> Provided information
──────────

(* Let $D=\{(x^i,y^i)\}_{i=1}^n$ be a training set and $JJ=\{JJ_{x^i}\}_{i=1}^n$ a collection of substructure sets such that $D$ is linearly separable with respect to $JJ$ with margin $\delta^{JJ}>0$, and let $R^{JJ}$ be the mixed assignment radius of $D$ with respect to $JJ$. Run the SWVP algorithm on $D$ with these substructure sets, and suppose that at every update the weights $\gamma$ returned by $\textsc{SetGamma}$ satisfy the $\gamma$ selection conditions (1) and (2) with respect to the current weight vector. Then the total number $t$ of updates made by SWVP satisfies $$t\le \frac{(R^{JJ})^2}{(\delta^{JJ})^2}.$$ In particular, SWVP terminates (converges to a parameter vector making no further updates on $D$).
   Context: Structured prediction setting: for each input $x$ the output space is $\mathcal{Y}(x)=D_Y^{L_x}$ (vectors of length $L_x$ over a finite domain $D_Y$), and a feature map $\phi(x,y')\in\mathbb{R}^d$ is given for $y'\in\mathcal{Y}(x)$. Write $\Delta\phi(x,y,z)=\phi(x,y)-\phi(x,z)$ and $[n]=\{1,\dots,n\}$. The training set is $D=\{(x^i,y^i)\}_{i=1}^n$ with $y^i\in\mathcal{Y}(x^i)$. Mixed assignment: for $y^*,y\in\mathcal{Y}(x)$ and $J\subseteq[L_x]$, $m^J(y^*,y)\in\mathcal{Y}(x)$ has $k$-th coordinate $y^*_k$ if $k\in J$ and $y_k$ otherwise. For each training example a substructure set $JJ_{x^i}\subseteq 2^{[L_{x^i}]}$ is fixed. SWVP algorithm: initialize $\mathbf{w}=0$; repeatedly cycle through the examples $(x,y)\in D$; for each, compute $y^*=\arg\max_{y'\in\mathcal{Y}(x)}\mathbf{w}\cdot\phi(x,y')$. If $y^*\ne y$, write $m^J=m^J(y^*,y)$, let $I=\{J\in JJ_x: m^J\neq y\}$, $I^v=\{J\in I:\mathbf{w}\cdot\Delta\phi(x,y,m^J)\le 0\}$, $I^{nv}=\{J\in I:\mathbf{w}\cdot\Delta\phi(x,y,m^J)>0\}$ (so $I=I^v\cup I^{nv}$), obtain weights $\gamma(m^J)$, $J\in I$, from a procedure $\textsc{SetGamma}$, and perform the update $\mathbf{w}\leftarrow\mathbf{w}+\sum_{J\in I}\gamma(m^J)\Delta\phi(x,y,m^J)$. Stop when a full pass makes no update. $\gamma$ selection conditions (for the current $\mathbf{w}$, before the update): (1) $\gamma(m^J)\ge0$ for all $J\in I$ and $\sum_{J\in I}\gamma(m^J)=1$; (2) $\mathbf{w}\cdot\sum_{J\in I}\gamma(m^J)\Delta\phi(x,y,m^J)\le 0$. $D$ is linearly separable with respect to $JJ$ with margin $\delta^{JJ}>0$ if there is $\mathbf{u}\in\mathbb{R}^d$ with $\|\mathbf{u}\|_2=1$ such that $\mathbf{u}\cdot\Delta\phi(x^i,y^i,m^J(z,y^i))\ge\delta^{JJ}$ for all $i$, all $z\in\mathcal{Y}(x^i)$ and all $J\in JJ_{x^i}$ with $m^J(z,y^i)\ne y^i$. The mixed assignment radius with respect to $JJ$ is a constant $R^{JJ}$ such that $\|\Delta\phi(x^i,y^i,m^J(z,y^i))\|\le R^{JJ}$ for all $i$, $z\in\mathcal{Y}(x^i)$, $J\in JJ_{x^i}$. *)

From HB Require Import structures.
From mathcomp Require Import all_boot all_order all_algebra.
Set Implicit Arguments. Unset Strict Implicit. Unset Printing Implicit Defensive.
Import Order.TTheory GRing.Theory Num.Theory.
Local Open Scope ring_scope.

Definition dot (R : rcfType) (d : nat) (u v : 'rV[R]_d) : R :=
  \sum_(j < d) u 0 j * v 0 j.
Definition norm2 (R : rcfType) (d : nat) (u : 'rV[R]_d) : R :=
  Num.sqrt (dot u u).

(* Output space Y(x) = D_Y^{L_x}, represented as finite functions 'I_(L x) -> DY *)
Definition outT (X : Type) (DY : finType) (L : X -> nat) (x : X) : finType :=
  {ffun 'I_(L x) -> DY}.

Definition mix (DY : finType) (m : nat) (J : {set 'I_m})
  (ystar y : {ffun 'I_m -> DY}) : {ffun 'I_m -> DY} :=
  [ffun k => if k \in J then ystar k else y k].

Definition dphi (R : rcfType) (d : nat) (X : Type) (DY : finType) (L : X -> nat)
  (phi : forall x : X, outT DY L x -> 'rV[R]_d) (x : X) (y z : outT DY L x)
  : 'rV[R]_d := phi x y - phi x z.

Definition Iset (DY : finType) (m : nat) (JJx : {set {set 'I_m}})
  (ystar y : {ffun 'I_m -> DY}) : {set {set 'I_m}} :=
  [set J in JJx | mix J ystar y != y].

Definition Iv (R : rcfType) (d : nat) (X : Type) (DY : finType) (L : X -> nat)
  (phi : forall x : X, outT DY L x -> 'rV[R]_d) (w : 'rV[R]_d) (x : X)
  (JJx : {set {set 'I_(L x)}}) (ystar y : outT DY L x) : {set {set 'I_(L x)}} :=
  [set J in Iset JJx ystar y | dot w (dphi phi y (mix J ystar y)) <= 0].
Definition Inv (R : rcfType) (d : nat) (X : Type) (DY : finType) (L : X -> nat)
  (phi : forall x : X, outT DY L x -> 'rV[R]_d) (w : 'rV[R]_d) (x : X)
  (JJx : {set {set 'I_(L x)}}) (ystar y : outT DY L x) : {set {set 'I_(L x)}} :=
  [set J in Iset JJx ystar y | 0 < dot w (dphi phi y (mix J ystar y))].

Definition upd_dir (R : rcfType) (d : nat) (X : Type) (DY : finType) (L : X -> nat)
  (phi : forall x : X, outT DY L x -> 'rV[R]_d) (x : X)
  (JJx : {set {set 'I_(L x)}}) (ystar y : outT DY L x)
  (gamma : {set 'I_(L x)} -> R) : 'rV[R]_d :=
  \sum_(J in Iset JJx ystar y) gamma J *: dphi phi y (mix J ystar y).

Definition gamma_ok (R : rcfType) (d : nat) (X : Type) (DY : finType) (L : X -> nat)
  (phi : forall x : X, outT DY L x -> 'rV[R]_d) (w : 'rV[R]_d) (x : X)
  (JJx : {set {set 'I_(L x)}}) (ystar y : outT DY L x)
  (gamma : {set 'I_(L x)} -> R) : Prop :=
  [/\ (forall J, J \in Iset JJx ystar y -> 0 <= gamma J),
      \sum_(J in Iset JJx ystar y) gamma J = 1 &
      dot w (upd_dir phi JJx ystar y gamma) <= 0].

Definition swvp_step (R : rcfType) (d : nat) (X : Type) (DY : finType) (L : X -> nat)
  (phi : forall x : X, outT DY L x -> 'rV[R]_d) (w : 'rV[R]_d) (x : X)
  (JJx : {set {set 'I_(L x)}}) (y : outT DY L x) (upd : bool) (w' : 'rV[R]_d)
  : Prop :=
  exists ystar : outT DY L x,
    (forall y' : outT DY L x, dot w (phi x y') <= dot w (phi x ystar)) /\
    (if ystar == y then upd = false /\ w' = w
     else upd = true /\
          exists gamma : {set 'I_(L x)} -> R,
            gamma_ok phi w JJx ystar y gamma /\
            w' = w + upd_dir phi JJx ystar y gamma).

(* A run of SWVP for K example visits: w 0 = 0, the k-th visit is to example
   number (k mod n), cycling through D; w k is the weight before visit k and
   upd k records whether visit k made an update. The algorithm has not stopped
   before visit K: every complete pass (visits p*n .. p*n+n-1) lying before K
   made at least one update. *)
Definition swvp_run (R : rcfType) (d : nat) (X : Type) (DY : finType) (L : X -> nat)
  (phi : forall x : X, outT DY L x -> 'rV[R]_d) (n : nat)
  (xs : 'I_n -> X) (ys : forall i : 'I_n, outT DY L (xs i))
  (JJ : forall i : 'I_n, {set {set 'I_(L (xs i))}})
  (idx : nat -> 'I_n) (w : nat -> 'rV[R]_d) (upd : nat -> bool) (K : nat) : Prop :=
  [/\ (forall k, val (idx k) = (k %% n)%N),
      w 0%N = 0,
      (forall k, (k < K)%N ->
         swvp_step phi (w k) (JJ (idx k)) (ys (idx k)) (upd k) (w k.+1)) &
      (forall p, ((p.+1 * n) <= K)%N ->
         exists2 k, (p * n <= k < p.+1 * n)%N & upd k)].

Definition num_updates (upd : nat -> bool) (K : nat) : nat :=
  (\sum_(k < K) upd k)%N.

(** Novikoff's perceptron argument, applied to the convex combinations of
    mixed-assignment feature differences used by SWVP.  Fix a unit separator
    [u].  Each update direction is a convex combination of vectors having
    margin at least [delta] along [u] and norm at most [R^JJ], so it has the
    same two properties; by selection condition (2) it also makes a
    non-positive angle with the current weight.  After [t] updates therefore
    [t delta <= u . w <= |w|] and [|w|^2 <= t (R^JJ)^2], whence
    [t^2 delta^2 <= t (R^JJ)^2]. *)

From HB Require Import structures.
From mathcomp Require Import all_boot all_order all_algebra.
From mathcomp Require Import ring lra.
Import Order.TTheory GRing.Theory Num.Theory.
Local Open Scope ring_scope.

Section EuclideanSpace.
Variables (R : rcfType) (d : nat).
Implicit Types (a b v w D : 'rV[R]_d) (c r : R).

Lemma dotC a b : dot a b = dot b a.
Proof. by apply: eq_bigr => j _; rewrite mulrC. Qed.

Lemma dotDl a b v : dot (a + b) v = dot a v + dot b v.
Proof. by rewrite /dot -big_split; apply: eq_bigr => j _; rewrite mxE mulrDl. Qed.

Lemma dotDr v a b : dot v (a + b) = dot v a + dot v b.
Proof. by rewrite dotC dotDl !(dotC v). Qed.

Lemma dotZl c a v : dot (c *: a) v = c * dot a v.
Proof. by rewrite /dot mulr_sumr; apply: eq_bigr => j _; rewrite mxE mulrA. Qed.

Lemma dotZr c v a : dot v (c *: a) = c * dot v a.
Proof. by rewrite dotC dotZl dotC. Qed.

Lemma dotNl a v : dot (- a) v = - dot a v.
Proof. by rewrite -scaleN1r dotZl mulN1r. Qed.

Lemma dotNr v a : dot v (- a) = - dot v a.
Proof. by rewrite -scaleN1r dotZr mulN1r. Qed.

Lemma dot0l v : dot 0 v = 0.
Proof. by rewrite /dot big1 // => j _; rewrite mxE mul0r. Qed.

Lemma dot0r v : dot v 0 = 0.
Proof. by rewrite dotC dot0l. Qed.

Lemma dot_suml (I : finType) (P : pred I) (F : I -> 'rV[R]_d) v :
  dot (\sum_(i | P i) F i) v = \sum_(i | P i) dot (F i) v.
Proof. by elim/big_rec2: _ => [|i x y _ <-]; rewrite ?dot0l ?dotDl. Qed.

Lemma dot_self_ge0 a : 0 <= dot a a.
Proof. by apply: sumr_ge0 => j _; rewrite -expr2 sqr_ge0. Qed.

Lemma norm2_ge0 a : 0 <= norm2 a.
Proof. exact: sqrtr_ge0. Qed.

Lemma sqr_norm2 a : norm2 a ^+ 2 = dot a a.
Proof. by rewrite sqr_sqrtr // dot_self_ge0. Qed.

Lemma norm2_eq0_dotl a v : norm2 a = 0 -> dot a v = 0.
Proof.
move=> /eqP; rewrite sqrtr_eq0 => aa_le0.
have /eqP aa0 : dot a a == 0 by rewrite eq_le aa_le0 dot_self_ge0.
have sqr_ge0j j : true -> 0 <= a 0 j * a 0 j by rewrite -expr2 sqr_ge0.
rewrite /dot big1 // => j _.
have /eqP := @psumr_eq0P _ _ _ _ sqr_ge0j aa0 j isT.
by rewrite mulf_eq0 orbb => /eqP ->; rewrite mul0r.
Qed.

Lemma dot_le_norm2M a b : dot a b <= norm2 a * norm2 b.
Proof.
have [a0|a_neq0] := eqVneq (norm2 a) 0.
  by rewrite norm2_eq0_dotl // a0 mul0r.
have [b0|b_neq0] := eqVneq (norm2 b) 0.
  by rewrite dotC norm2_eq0_dotl // b0 mulr0.
set na := norm2 a; set nb := norm2 b.
have na_gt0 : 0 < na by rewrite lt_def a_neq0 norm2_ge0.
have nb_gt0 : 0 < nb by rewrite lt_def b_neq0 norm2_ge0.
have := dot_self_ge0 (nb *: a - na *: b).
rewrite dotDl !dotDr !dotNl !dotNr !dotZl !dotZr.
rewrite -(sqr_norm2 a) -(sqr_norm2 b) -/na -/nb (dotC b a) => expanded.
have : 0 <= (2 * na * nb) * (na * nb - dot a b).
  by apply: (le_trans expanded); rewrite le_eqVlt; apply/orP; left; apply/eqP; ring.
by rewrite pmulr_rge0 ?mulr_gt0 // subr_ge0.
Qed.

Lemma norm2D_le a b : norm2 (a + b) <= norm2 a + norm2 b.
Proof.
rewrite -(ler_pXn2r (_ : 0 < 2)%N) ?nnegrE ?addr_ge0 ?norm2_ge0 //.
rewrite sqr_norm2 dotDl !dotDr (dotC b a) sqrrD !sqr_norm2.
have := dot_le_norm2M a b; lra.
Qed.

Lemma norm2Z c a : 0 <= c -> norm2 (c *: a) = c * norm2 a.
Proof.
move=> c_ge0; rewrite /norm2 dotZl dotZr mulrA -expr2 sqrtrM ?sqr_ge0 //.
by rewrite sqrtr_sqr ger0_norm.
Qed.

Lemma norm2_sum_le (I : finType) (P : pred I) (F : I -> 'rV[R]_d) :
  norm2 (\sum_(i | P i) F i) <= \sum_(i | P i) norm2 (F i).
Proof.
elim/big_rec2: _ => [|i x y _ IH]; first by rewrite /norm2 dot0l sqrtr0.
exact: le_trans (norm2D_le _ _) (lerD _ IH).
Qed.

Section ConvexCombination.
Variables (I : finType) (P : pred I) (gamma : I -> R) (F : I -> 'rV[R]_d).
Hypotheses (gamma_ge0 : forall i, P i -> 0 <= gamma i)
           (gamma_sum1 : \sum_(i | P i) gamma i = 1).

Lemma dot_convex_ge u c :
  (forall i, P i -> c <= dot u (F i)) ->
  c <= dot u (\sum_(i | P i) gamma i *: F i).
Proof.
move=> c_le; rewrite dotC dot_suml.
rewrite -[c]mul1r -gamma_sum1 mulr_suml; apply: ler_sum => i Pi.
by rewrite dotZl dotC ler_wpM2l ?gamma_ge0 ?c_le.
Qed.

Lemma norm2_convex_le r :
  (forall i, P i -> norm2 (F i) <= r) ->
  norm2 (\sum_(i | P i) gamma i *: F i) <= r.
Proof.
move=> le_r; apply: le_trans (norm2_sum_le _ _ _) _.
rewrite -[r]mul1r -gamma_sum1 mulr_suml; apply: ler_sum => i Pi.
by rewrite norm2Z ?ler_wpM2l ?gamma_ge0 ?le_r.
Qed.

End ConvexCombination.

Lemma dot_self_addr_le w D r :
  dot w D <= 0 -> norm2 D <= r -> dot (w + D) (w + D) <= dot w w + r ^+ 2.
Proof.
move=> wD_le0 D_le_r.
have DD_le : dot D D <= r ^+ 2.
  by rewrite -sqr_norm2 ler_pM // norm2_ge0.
rewrite dotDl !dotDr (dotC D w); lra.
Qed.

End EuclideanSpace.

Lemma mistake_bound (R : realFieldType) (t delta r s : R) :
  0 <= t -> 0 < delta -> t * delta <= s -> s ^+ 2 <= t * r ^+ 2 ->
  t <= r ^+ 2 / delta ^+ 2.
Proof.
move=> t_ge0 delta_gt0 td_le_s s_le; rewrite ler_pdivlMr ?exprn_gt0 //.
have [->|t_neq0] := eqVneq t 0; first by rewrite mul0r sqr_ge0.
have t_gt0 : 0 < t by rewrite lt_def t_neq0 t_ge0.
have td_ge0 : 0 <= t * delta by rewrite mulr_ge0 // ltW.
have : (t * delta) ^+ 2 <= s ^+ 2.
  by rewrite ler_pXn2r ?nnegrE // (le_trans td_ge0).
rewrite -(ler_pM2l t_gt0); nra.
Qed.

Section SWVP.
Local Set Implicit Arguments.
Local Unset Strict Implicit.
Variables (R : rcfType) (d : nat) (X : Type) (DY : finType) (L : X -> nat).
Variables (phi : forall x : X, outT DY L x -> 'rV[R]_d) (n : nat).
Variables (xs : 'I_n -> X) (ys : forall i : 'I_n, outT DY L (xs i)).
Variables (JJ : forall i : 'I_n, {set {set 'I_(L (xs i))}}).
Variables (u : 'rV[R]_d) (delta RJJ : R).
Hypothesis margin_u : forall (i : 'I_n) (z : outT DY L (xs i)) J,
  J \in JJ i -> mix J z (ys i) != ys i ->
  delta <= dot u (dphi phi (ys i) (mix J z (ys i))).
Hypothesis radius : forall (i : 'I_n) (z : outT DY L (xs i)) J,
  J \in JJ i -> norm2 (dphi phi (ys i) (mix J z (ys i))) <= RJJ.

Lemma swvp_step_progress (i : 'I_n) w (b : bool) w' :
  swvp_step phi w (JJ i) (ys i) b w' ->
  dot u w + b%:R * delta <= dot u w' /\
  dot w' w' <= dot w w + b%:R * RJJ ^+ 2.
Proof.
case=> ystar [_]; case: eqP => [_ [-> ->] | _].
  by rewrite !mul0r !addr0.
case=> -> [gamma [[gamma_ge0 gamma_sum1 w_dir] ->]].
have IsetP J : J \in Iset (JJ i) ystar (ys i) ->
    J \in JJ i /\ mix J ystar (ys i) != ys i.
  by rewrite inE => /andP.
rewrite !mul1r dotDr; split.
  apply: lerD => //; apply: dot_convex_ge => // J /IsetP[JJi mixJ_neq].
  exact: margin_u.
apply: dot_self_addr_le => //; apply: norm2_convex_le => // J /IsetP[JJi _].
exact: radius.
Qed.

Lemma swvp_run_invariant idx w upd K :
  swvp_run phi ys JJ idx w upd K -> forall k, (k <= K)%N ->
  (num_updates upd k)%:R * delta <= dot u (w k) /\
  dot (w k) (w k) <= (num_updates upd k)%:R * RJJ ^+ 2.
Proof.
case=> _ w0 step _; elim=> [|k IH] k_le_K.
  by rewrite /num_updates big_ord0 w0 dot0r dot0l !mul0r.
have [margin_k norm_k] := IH (ltnW k_le_K).
have [margin_step norm_step] := swvp_step_progress (step k k_le_K).
rewrite /num_updates big_ord_recr /= -/(num_updates upd k) natrD !mulrDl.
split; lra.
Qed.

End SWVP.

Theorem theorem1 (R : rcfType) (d : nat) (X : Type) (DY : finType) (L : X -> nat)
  (phi : forall x : X, outT DY L x -> 'rV[R]_d) (n : nat)
  (xs : 'I_n -> X) (ys : forall i : 'I_n, outT DY L (xs i))
  (JJ : forall i : 'I_n, {set {set 'I_(L (xs i))}})
  (delta RJJ : R)
  (hdelta : 0 < delta)
  (hsep : exists u : 'rV[R]_d, norm2 u = 1 /\
     forall (i : 'I_n) (z : outT DY L (xs i)) (J : {set 'I_(L (xs i))}),
       J \in JJ i -> mix J z (ys i) != ys i ->
       delta <= dot u (dphi phi (ys i) (mix J z (ys i))))
  (hrad : forall (i : 'I_n) (z : outT DY L (xs i)) (J : {set 'I_(L (xs i))}),
       J \in JJ i -> norm2 (dphi phi (ys i) (mix J z (ys i))) <= RJJ)
  (idx : nat -> 'I_n) (w : nat -> 'rV[R]_d) (upd : nat -> bool) (K : nat)
  (hrun : swvp_run phi ys JJ idx w upd K) :
  (num_updates upd K)%:R <= RJJ ^+ 2 / delta ^+ 2.
Proof.
have [u [u_unit margin_u]] := hsep.
have [margin_K norm_K] := swvp_run_invariant margin_u hrad hrun (leqnn K).
have margin_le_norm : dot u (w K) <= norm2 (w K).
  by rewrite -[norm2 (w K)]mul1r -u_unit dot_le_norm2M.
apply: mistake_bound (ler0n _ _) hdelta (le_trans margin_K margin_le_norm) _.
by rewrite sqr_norm2.
Qed.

──────────

> Exercise requirements
Throughout the listing, how many lines contain the string "EuclideanSpace"? Give the number on its own.

> Response for this exercise
2